If you wish to contribute code, offer fixes or improvements, please send a pull request. Due to legal reasons, contributors will be asked to accept a DCO when they create the first pull request to this project. This happens in an automated fashion during the submission process. SAP uses [the standard DCO text of the Linux Foundation](https://developercertificate.org/).

If you want to report issues or have questions about the project, please open an issue in the GitHub repository or contact the maintainers directly via email.

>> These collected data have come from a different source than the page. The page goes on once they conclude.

Theorem lemma3p10p1 (n r : Z) (lam : Z -> nat) (d : Z -> Z) :
  1 <= n -> 1 <= r -> in_Lambda n r lam -> in_D n r lam d ->
  (exists w0 k, is_longest n r lam w0 /\ aff_length r w0 k) /\
  (forall w0 k, is_longest n r lam w0 -> aff_length r w0 k ->
     has_card (Yset n r lam d) k /\ has_card (Zset n r lam) k).
Proof.
  intros Hn Hr [_ Hsum] [Hd _].
  set (N := length (block_pairs n r lam)).
  pose proof (in_young_length_le n r lam) as Hbound.
  destruct (young_longest_exists n r lam ltac:(lia) Hsum) as [ws [gs [Ys Hws]]].
  pose proof (young_aff_length n r lam ws gs ltac:(lia) Hr Hsum Ys) as Hlen.
  rewrite Hws in Hlen. pose proof (in_young_of_young n r lam ws gs Ys) as Hws_young.
  split.
  - exists ws, N. split; [split|]; auto.
    intros w a b Hw Ha Hb. rewrite (aff_length_unique r ws b N Hb Hlen). apply (Hbound w); auto; lia.
  - intros w0 k [Hw0 Hlongest] Hk.
    assert (k = N) as ->.
    { apply Nat.le_antisymm; [apply (Hbound w0); auto; lia | exact (Hlongest ws N k Hws_young Hlen Hk)]. }
    pose proof (card_Zset n r lam ltac:(lia) Hsum) as HZ.
    split; [apply card_Yset|]; auto.
Qed.
Definition double_proper_splitting m n (A P Q S : 'M[R]_(m, n)) : Prop :=
  [/\ A = P - Q + S, colspace P = colspace A & nullspace P = nullspace A].

Definition double_proper_regular m n (A P Q S : 'M[R]_(m, n))
    (Pd : 'M[R]_(n, m)) : Prop :=
  [/\ double_proper_splitting A P Q S, is_MP_inverse P Pd,
      mx_ge0 Pd, mx_ge0 Q & mx_le0 S].

Definition double_proper_weak_regular m n (A P Q S : 'M[R]_(m, n))
    (Pd : 'M[R]_(n, m)) : Prop :=
  [/\ double_proper_splitting A P Q S, is_MP_inverse P Pd,
      mx_ge0 Pd, mx_ge0 (Pd *m Q) & mx_le0 (Pd *m S)].

Definition spectrum n (M : 'M[R]_n) : set R[i] :=
  [set z | eigenvalue (map_mx (fun x : R => x%:C) M) z].
Definition spectral_radius n (M : 'M[R]_n) : R :=
  sup [set ComplexField.Normc.normc z | z in spectrum M].

End Defs.

From mathcomp Require Import all_boot all_order all_algebra.
From mathcomp Require Import classical_sets reals.
From mathcomp Require Import complex perm.
From mathcomp Require Import ring lra.
Import Order.TTheory GRing.Theory Num.Theory.
Local Open Scope ring_scope.
Local Open Scope classical_set_scope.

(* With B = P2^+ R2, C = -P2^+ S2, D = P1^+ R1 and E = -P1^+ S1, all nonnegative, T2 and W12
   are the companion matrices [B C; I 0] and [BD+C BE; I 0].  A companion matrix [B' C'; I 0]
   with nonnegative blocks has spectral radius at most a as soon as some u >= 0 satisfies
   a^2 u >= a B' u + C' u, with B' and C' vanishing on the rows where u does.
   For T2, u = A^+ 1 works with some a < 1, since (B + C) u = u - P2^+ 1.
   For rho(T2) < a <= 1, aI - T2 is inverse-positive, so some u >= 0 satisfies
   a^2 u - a B u - C u = P2^+ (A^+)^T 1.  Multiplying by P2 gives A u >= 0, and then
   B P1^+ A = B - BD - BE together with B <= C makes u a test vector for W12 at a.
   Inverse-positivity of aI - M for M >= 0 and rho(M) < a holds for large a by a row-sum
   argument and descends to a in steps of uniform size, the resolvent being bounded. *)

Set Implicit Arguments.
Unset Strict Implicit.
Unset Printing Implicit Defensive.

We will respond as soon as possible.

## Citations
If you use this code in your research, please cite:

```
@article{WBA+21,
author = {Dominik Wunderlich and
Daniel Bernau and
Francesco Aldà and
Javier Parra-Arnau and
Thorsten Strufe},
title = {On the privacy-utility trade-off in differentially private hierarchical text classification},
eprint = {2103.02895},
archivePrefix={arXiv},
url = {http://arxiv.org/abs/2103.02913},
}
```

## References
[1] Dominik Wunderlich, Daniel Bernau, Francesco Aldà, Javier Parra-Arnau, Thorsten Strufe:
On the privacy-utility trade-off in differentially private hierarchical text classification.
arXiv:2103.02895
http://arxiv.org/abs/2103.02913

## Code of conduct

See the [Code of conduct tab](https://github.com/SAP-samples/security-research-dp-hierarchical-text?tab=coc-ov-file).

## License

Copyright (c) 2024 SAP SE or an SAP affiliate company. All rights reserved. This project is licensed under the Apache
Software License, version 2.0 except as noted otherwise in the [LICENSE](LICENSES/Apache-2.0.txt) file.